Transformers are pre-trained in GPT models and such other large language models. Transformers undergo semi-supervised learning involving un-supervised pretraining followed by supervised fine tuning.
Pre-training data set is larger than the one for fine tuning.
Transformers use attention mechanism processing all tokens simultaneously. They calculate attention weights between them in successive layers. Attention mechanism only uses information about other tokens from the lower layers. Hence it can be computed for all tokens in parallel. This improves training speed.
Adaptive optimizers are used to train transformers, e.g. Adam. It recursively estimates momentum and the learning rate separately for each parameter at each step. In practice, the batch sizes are larger. More than 1000 are usually employed.
Semi-Supervised Learning
This is a machine learning (ML) technique that falls between supervised and unsupervised learning. IT uses small amount of labelled data to train a model. Its aim is to learn a function that can adequately predict the output variable based on the input data.
Unsupervised Learning
These are algorithms that learn patterns of unlabelled data. Here three main tasks are performed –clustering, association and dimensionality reduction.
Clustering is a data mining technique. It groups unlabelled data based on their similarities or differences. Clustering algorithms are used to process raw, unclassified data objects into groups represented by structures/patterns in the data.
Association is also a data mining technique that discovers the probability of co-occurrence of items in a collection. It is used to find patterns in the data that can be represented as rules. Association rules are if-then statements. These help to show probability relationships between data items within large data sets.
Dimensionality reduction is the process of reducing the number of random variables under consideration by obtaining a set of principal variables. It can be divided into features selection and feature extraction. Feature selection is a sub-set of relevant features for use in model construction. Feature extraction is the process of transforming data from a high-dimensional space into a space of lower dimensions.
Training the transformer involves passing the input sequence through transformer encoder and generating the output sequence using the decoder block. During the training, the model is optimized using backpropagation and a loss function, such as cross-entropy.
Attention mechanism tells us that we need to process the information about what is important and ignore the rest. Attention is equal to similarity (q, k) where q represents a query and k represents a key. The key that matches most to query should be detected. It is accessing a database.

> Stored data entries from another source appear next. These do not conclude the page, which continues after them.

Definition mxbilinear (B : form) :=
  [/\ forall P P' Q, B (P + P') Q = B P Q + B P' Q,
      forall P Q Q', B P (Q + Q') = B P Q + B P Q',
      forall A P Q, B (cM A *m P) Q = A *m B P Q &
      forall A P Q, B P (cM A *m Q) = B P Q *m A^T].

Section Bilinear.
Variable B : form.
Hypothesis hB : mxbilinear B.

Lemma bilinDl P P' Q : B (P + P') Q = B P Q + B P' Q.
Proof. by case: hB. Qed.
Lemma bilinDr P Q Q' : B P (Q + Q') = B P Q + B P Q'.
Proof. by case: hB. Qed.
Lemma bilinMl A P Q : B (cM A *m P) Q = A *m B P Q.
Proof. by case: hB. Qed.
Lemma bilinMr A P Q : B P (cM A *m Q) = B P Q *m A^T.
Proof. by case: hB. Qed.

Lemma bilinBl P P' Q : B (P - P') Q = B P Q - B P' Q.
Proof. by apply: (addIr (B P' Q)); rewrite -bilinDl !subrK. Qed.

Lemma bilin_suml (I : Type) (r : seq I) (P : pred I) F Q :
  B (\sum_(i <- r | P i) F i) Q = \sum_(i <- r | P i) B (F i) Q.
Proof. exact: big_additive (fun P P' => bilinDl P P' Q) _ _ _ _. Qed.
Lemma bilin_sumr (I : Type) (r : seq I) (P : pred I) F Q :
  B Q (\sum_(i <- r | P i) F i) = \sum_(i <- r | P i) B Q (F i).
Proof. exact: big_additive (bilinDr Q) _ _ _ _. Qed.

Lemma bilin_mxmono a D b E :
  B (mxmono a D) (mxmono b E) = D *m moment B a b *m E^T.
Proof. by rewrite !mxmonoE bilinMl bilinMr mulmxA. Qed.

Lemma bilin_mxmonoX a D b : B (mxmono a D) ('X^b)%:M = D *m moment B a b.
Proof. by rewrite -mxmono1 bilin_mxmono trmx1 mulmx1. Qed.

Lemma gauss_biorth S1 S2 H : gauss_factorization (moment B) S1 S2 H ->
  forall n m, B (polOf S1 n) (polOf S2 m) = if n == m then H n else 0.
Proof.
case=> _ _ SGS n m; rewrite -SGS bilin_suml; apply: eq_bigr => a _.
by rewrite bilin_sumr; apply: eq_bigr => b _; rewrite bilin_mxmono.
Qed.

Lemma orthX_of_orth_polOf S n Q : (forall i, S i i = 1%:M) ->
  (forall i, (i < n)%N -> B Q (polOf S i) = 0) ->
  forall b, (b < n)%N -> B Q ('X^b)%:M = 0.
Proof.
move=> Sii QS; elim/ltn_ind => b IH b_lt_n.
have := QS b b_lt_n; rewrite polOf_monic // bilinDr bilin_sumr big1 ?addr0 //.
move=> [c c_lt_b] _; rewrite mxmonoE bilinMr IH ?mul0mx //=.
exact: ltn_trans b_lt_n.
Qed.

Lemma bilin_polOf_lead S n Q : S n n = 1%:M ->
  (forall b, (b < n)%N -> B Q ('X^b)%:M = 0) ->
  B Q (polOf S n) = B Q ('X^n)%:M.
Proof.
move=> Snn QX; rewrite polOf_monic // bilinDr bilin_sumr big1 ?addr0 //.
by move=> [c c_lt_n] _; rewrite mxmonoE bilinMr QX ?mul0mx.
Qed.

End Bilinear.

Definition deg_lt n (P : PM) :=
  exists D : nat -> 'M[C]_p, P = \sum_(a < n) mxmono a (D a).

Lemma deg_lt0 n : deg_lt n 0.
Proof. by exists (fun=> 0); rewrite big1 // => a _; rewrite mxmono0. Qed.

Lemma deg_ltD n P Q : deg_lt n P -> deg_lt n Q -> deg_lt n (P + Q).
Proof.
move=> [D ->] [E ->]; exists (fun a => D a + E a).
by rewrite -big_split; apply: eq_bigr => a _; rewrite mxmonoD.
Qed.

Lemma deg_ltM n A P : deg_lt n P -> deg_lt n (cM A *m P).
Proof.
move=> [D ->]; exists (fun a => A *m D a); rewrite mulmx_sumr.
by apply: eq_bigr => a _; rewrite mul_mxmono.
Qed.

Lemma deg_ltB n P Q : deg_lt n P -> deg_lt n Q -> deg_lt n (P - Q).
Proof.
move=> dP /(deg_ltM (- 1%:M)); rewrite map_mxN map_mx1 mulNmx mul1mx.
exact: deg_ltD.
Qed.

Lemma deg_lt_sum n (I : Type) (r : seq I) (P : pred I) F :
  (forall i, P i -> deg_lt n (F i)) -> deg_lt n (\sum_(i <- r | P i) F i).
Proof.
move=> dF; elim/big_rec: _ => [|i Q Pi dQ]; first exact: deg_lt0.
exact: deg_ltD (dF i Pi) dQ.
Qed.

Lemma deg_lt_mxmono n a D : (a < n)%N -> deg_lt n (mxmono a D).
Proof.
move=> a_lt_n; exists (fun b => if b == a then D else 0).
rewrite (bigD1 (Ordinal a_lt_n)) //= eqxx big1 ?addr0 // => b.
by rewrite -val_eqE /= => /negbTE ->; rewrite mxmono0.
Qed.

Lemma deg_lt_polOf n S j : (j < n)%N -> deg_lt n (polOf S j).
Proof.
move=> j_lt_n; apply: deg_lt_sum => a _; apply: deg_lt_mxmono.
exact: leq_ltn_trans (ltnSE (ltn_ord a)) j_lt_n.
Qed.

Lemma deg_lt_polOf_lead n S : S n n = 1%:M ->
  deg_lt n (polOf S n - ('X^n)%:M).
Proof.
move=> Snn; rewrite polOf_monic // addrC addKr.
by apply: deg_lt_sum => a _; apply: deg_lt_mxmono.
Qed.

Lemma deg_lt_polOfB n S S' : S n n = 1%:M -> S' n n = 1%:M ->
  deg_lt n (polOf S n - polOf S' n).
Proof.
move=> Snn S'nn.
have -> : polOf S n - polOf S' n
    = (polOf S n - ('X^n)%:M) - (polOf S' n - ('X^n)%:M).
  by rewrite [in RHS]opprB [RHS]addrA subrK.
by apply: deg_ltB; apply: deg_lt_polOf_lead.
Qed.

Attention is equal to softmax into q, k divided by underroot d and multiplied by v. Underroot d refers to dimensionality of the vectors. Then we consider a softmax function. We are telling algorithm where to pay attention. If the attention score is 0, then no attention is paid to those parts. If the attention score is 1, then we care about the pixel or one hot vector. When we have probability distribution, it is easier to do computation.
In vision transformers, we need a few more things for transformers, though Vaswani contends ‘Attention Is All That You Need.’
We start at the bottom and move up. There are input embeddings. It requires some experimentation. Take the data and represent it in some different way. You can do this by patching, convolutions, linear networks or something else. The embedded data is referred to as tokens.
After this, there is positional embedding (PE). It is a way to express how data lines up in a positional relationship. It is necessary because we deal with a sequence of data. If we do not add information about how that data lies within a sequence, it is going to be difficult to learn about the relationships in a sequence.
PE is commonly done in terms of sine and cosine.
Multi-headed Attention
Attention shows relations between pairs of data. If there are two heads of attention, it shows relationships of pairs of data. Three heads means relations among pairs of pairs of pairs. And so on. It is a hyper-parameter. The code is modified to multi-head attention (MHA layer).
It is then added and normalized. It is sent through a feedforward network. It is added with a residual layer and normalized again. This is repeated.